De pronto empezaron a ocurrir accidentes: una abuela que tropieza y cae de las escaleras, un niño que inexplicablemente encuentra un cuchillo y juega con él, alguien que se resbala en el baño. Aunque los periódicos evitaban dar información adversa sobre los mutantes, en redes sociales la gente contaba sus historias, pero lo atribuían a accidentes o descuidos, aunque las bestias estuvieran siempre cerca del lugar del percance. Nadie tomó precauciones. Hasta que en una sola noche, estos animales acabaron con las mascotas: gatos, perros, pájaros, lo que fuera; todos al mismo tiempo, como si se pudieran comunicar por telepatía. Les hundieron sus filosos colmillos en el cuello. La gente todavía no se reponía de lo ocurrido, estaban confundidos y dolidos. Y justo a la siguiente noche, los que no tuvieron la precaución de encerrarlos, se encontraron con que habían matado a los niños pequeños. Además huyeron, incluso los que estaban bajo llave en una jaula, nadie sabía cómo o a dónde.

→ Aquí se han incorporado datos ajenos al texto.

(* Let R_h be an approximate inverse of l - S_h and D_n := (S_h - T_h)^[n].
   The recurrence D_(n+1) = S_h D_n - D_n T_h reads D_n (l - T_h) =
   (l - S_h) D_n + D_(n+1), so the partial sums sum_(n <= N) (-1)^n R_h^(n+1) D_n
   of a Neumann-type series telescope: composed with l - T_h they differ from
   the identity by (-1)^N R_h^(N+1) D_(N+1) plus terms controlled by
   R_h (l - S_h) - 1.  Asymptotic quasinilpotence gives ||D_n|| <= Lam rho^n
   for h near 0, with rho = 1 / (2 sup ||R_h||), so this defect is at most
   Lam 2^-(N+1) + 2 Lam ||R_h (l - S_h) - 1||, and letting N grow slowly as
   h -> 0 yields a left approximate inverse of l - T_h.  The sums
   sum_(n <= N) (T_h - S_h)^[n] R_h^(n+1) give a right one in the same way, and
   a left and a right approximate inverse of the same family are asymptotically
   equal, so l is in the resolvent set of {T_h}.  The hypothesis is symmetric
   in S and T. *)

From HB Require Import structures.
From mathcomp Require Import all_boot all_order all_algebra.
From mathcomp Require Import all_classical all_reals all_analysis.
From mathcomp Require Import complex.
From mathcomp Require Import ring lra.
Import Order.TTheory GRing.Theory Num.Theory.
Import numFieldNormedType.Exports.
Local Open Scope complex_scope.
Local Open Scope classical_set_scope.
Local Open Scope ring_scope.
Set Implicit Arguments.
Unset Strict Implicit.
Unset Printing Implicit Defensive.

Section Norms.
Variables (R : realType) (X : completeNormedModType R[i]).

Definition cnorm (a : R[i]) : R := complex.Re `|a|.

Lemma ge0_ReE (z : R[i]) : 0 <= z -> z = (complex.Re z)%:C.
Proof. by move=> /ger0_Im; case: z => a b /= ->. Qed.

Lemma nrmE (x : X) : `|x| = (nrm x)%:C.
Proof. exact/ge0_ReE/normr_ge0. Qed.

Lemma cnormE (a : R[i]) : `|a| = (cnorm a)%:C.
Proof. exact/ge0_ReE/normr_ge0. Qed.

Lemma nrm_ge0 (x : X) : 0 <= nrm x.
Proof. by have := normr_ge0 x; rewrite lecE => /andP[]. Qed.

Lemma cnorm_ge0 (a : R[i]) : 0 <= cnorm a.
Proof. by have := normr_ge0 a; rewrite lecE => /andP[]. Qed.

Lemma nrm0 : nrm (0 : X) = 0.
Proof. by rewrite /nrm normr0. Qed.

Lemma nrm_eq0 (x : X) : nrm x = 0 -> x = 0.
Proof. by move=> x0; apply/normr0_eq0; rewrite nrmE x0. Qed.

Lemma nrmN (x : X) : nrm (- x) = nrm x.
Proof. by rewrite /nrm normrN. Qed.

Lemma nrmD (x y : X) : nrm (x + y) <= nrm x + nrm y.
Proof. by have := ler_normD x y; rewrite !nrmE -rmorphD lecR. Qed.

Lemma nrmZ (a : R[i]) (x : X) : nrm (a *: x) = cnorm a * nrm x.
Proof. by rewrite /nrm normrZ cnormE nrmE -rmorphM. Qed.

Lemma cnormR (r : R) : cnorm r%:C = `|r|.
Proof. by rewrite /cnorm normc_def /= expr0n /= addr0 sqrtr_sqr. Qed.

Lemma cnormN1X n : cnorm ((-1) ^+ n) = 1.
Proof. by rewrite /cnorm normrX normrN1 expr1n. Qed.

End Norms.

Section LinearFun.
Variables (R : realType) (X : completeNormedModType R[i]).
Variables (F : X -> X) (lF : linear F).

Let Flin : {linear X -> X} := HB.pack F (GRing.isLinear.Build R[i] X X *:%R F lF).

Lemma lin0 : F 0 = 0. Proof. exact: (linear0 Flin). Qed.
Lemma linD x y : F (x + y) = F x + F y. Proof. exact: (linearD Flin). Qed.
Lemma linB x y : F (x - y) = F x - F y. Proof. exact: (linearB Flin). Qed.
Lemma linZ a x : F (a *: x) = a *: F x. Proof. exact: (linearZZ Flin). Qed.
Lemma lin_sum n (f : 'I_n -> X) : F (\sum_(i < n) f i) = \sum_(i < n) F (f i).
Proof. exact: (linear_sum Flin). Qed.

Lemma linear_continuous c : (forall x, nrm (F x) <= c * nrm x) -> continuous F.
Proof.
move=> Fc; have -> : F = Flin by [].
apply/linear_bounded_continuous/linear_boundedP.
exists (Num.max c 0)%:C; split; first by rewrite realE ler0c le_max lexx orbT.
move=> r cr x; rewrite nrmE [`|x|]nrmE.
apply: (le_trans _ (ler_wpM2r _ (ltW cr))); last by rewrite ler0c nrm_ge0.
rewrite -rmorphM lecR (le_trans (Fc x)) // ler_wpM2r ?nrm_ge0 //.
by rewrite le_max lexx.
Qed.

Lemma linear_bounded : continuous F -> exists c, forall x, nrm (F x) <= c * nrm x.
Proof.
move=> cF; have : continuous Flin by [].
move/linear_bounded_continuous/linear_boundedP/pinfty_ex_gt0 => [r r0 Fr].
exists (complex.Re r) => x; have := Fr x.
by rewrite nrmE [`|x|]nrmE (ge0_ReE (ltW r0)) -rmorphM lecR.
Qed.

End LinearFun.

Section BoundedLinear.
Variables (R : realType) (X : completeNormedModType R[i]).
Implicit Types (F G : X -> X) (a : R[i]) (c d : R).

Definition bounded_linear F c := linear F /\ forall x, nrm (F x) <= c * nrm x.

Lemma bounded_linear_le F c d : c <= d -> bounded_linear F c -> bounded_linear F d.
Proof.
move=> cd [lF Fc]; split=> // x.
by rewrite (le_trans (Fc x)) // ler_wpM2r ?nrm_ge0.
Qed.

Lemma eq_bounded_linear F G c : G =1 F -> bounded_linear F c -> bounded_linear G c.
Proof. by move=> /funext ->. Qed.

Lemma bounded_linear_id : bounded_linear id 1.
Proof. by split=> // x; rewrite mul1r. Qed.

Lemma bounded_linear0 : bounded_linear (fun=> 0) 0.
Proof. by split=> [a x y|x]; rewrite ?scaler0 ?addr0 // nrm0 mul0r. Qed.

Lemma bounded_linear_comp F G c d : 0 <= c ->
  bounded_linear F c -> bounded_linear G d -> bounded_linear (fun x => F (G x)) (c * d).
Proof.
move=> c0 [lF Fc] [lG Gd]; split=> [a x y|x]; first by rewrite lG lF.
by rewrite (le_trans (Fc _)) // -mulrA ler_wpM2l.
Qed.

Lemma bounded_linearD F G c d : bounded_linear F c -> bounded_linear G d ->
  bounded_linear (fun x => F x + G x) (c + d).
Proof.
move=> [lF Fc] [lG Gd]; split=> [a x y|x]; first by rewrite lF lG scalerDr addrACA.
by rewrite (le_trans (nrmD _ _)) // mulrDl lerD.
Qed.

Lemma bounded_linearN F c : bounded_linear F c -> bounded_linear (fun x => - F x) c.
Proof.
by move=> [lF Fc]; split=> [a x y|x]; rewrite ?lF ?opprD ?scalerN ?nrmN.
Qed.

Hubo una emergencia nacional, brigadas de cazadores que los buscaban para acabar con ellos. La venta de armas se disparó. Fue el pretexto ideal para que todos portaran arma a cualquier hora del día, aunque los marsupiales sólo salían de noche. Las autoridades se hicieron de la vista gorda.
Si antes habían sido pacíficos y torpes, se convirtieron en criaturas astutas y peligrosas. Nadie quería salir de noche. Las brigadas que los buscaban tenían poco éxito, acaso lograban matar a uno, muy de vez en cuando. Se calculaba que por cada habitante de la ciudad, habría tres de ellos. Y aunque buscaron por todas partes, nadie sabía dónde se escondían. Lo único seguro es que estaban en la ciudad, pues dejaban indicios por todas partes. Ponchaban los neumáticos de los carros, descomponían los semáforos, las instalaciones eléctricas, contaminaban el agua. Y por más que ponían cámaras de seguridad y las brigadas de cazadores eran cada vez más numerosas, nadie los encontraba.
Los asesinatos a mano armada se multiplicaron, como todo el mundo podía portar una arma, las personas incluso pacíficas y que nada tenían que ver con la delincuencia se disparaban por disputas de tránsito, porque los dejaban esperando en la fila del banco, por el mal servicio en los hospitales públicos, porque un maestro habría castigado a sus hijos, razones no faltaban. La ciudad estaba fuera de control y las autoridades generaban más caos en lugar de controlarlo: redactaron una serie de absurdas instrucciones para evitar ser baleado en la calle. ¡Sálvese quien pueda! Nos sentíamos en una jaula de asfalto, amplia y gris, de la que sin embargo no podíamos escapar.
Desde que oscureció, escuchamos ruidos en las tuberías. Por si las dudas, hemos clausurado el baño y la cocina. Estamos encerrados en la habitación, ambos con pistolas cargadas. Llamé a mi familia y a algunos amigos para decirles que tengan cuidado, les he dicho que estén atentos a los ruidos, pero nadie me hizo caso. Los vecinos tampoco se han percatado de nada, la televisión de uno de ellos se escucha hasta acá, creo que están viendo una película de guerra, y no saben que quizá haya otra al acecho, una real y terrorífica, justo dentro de sus casas.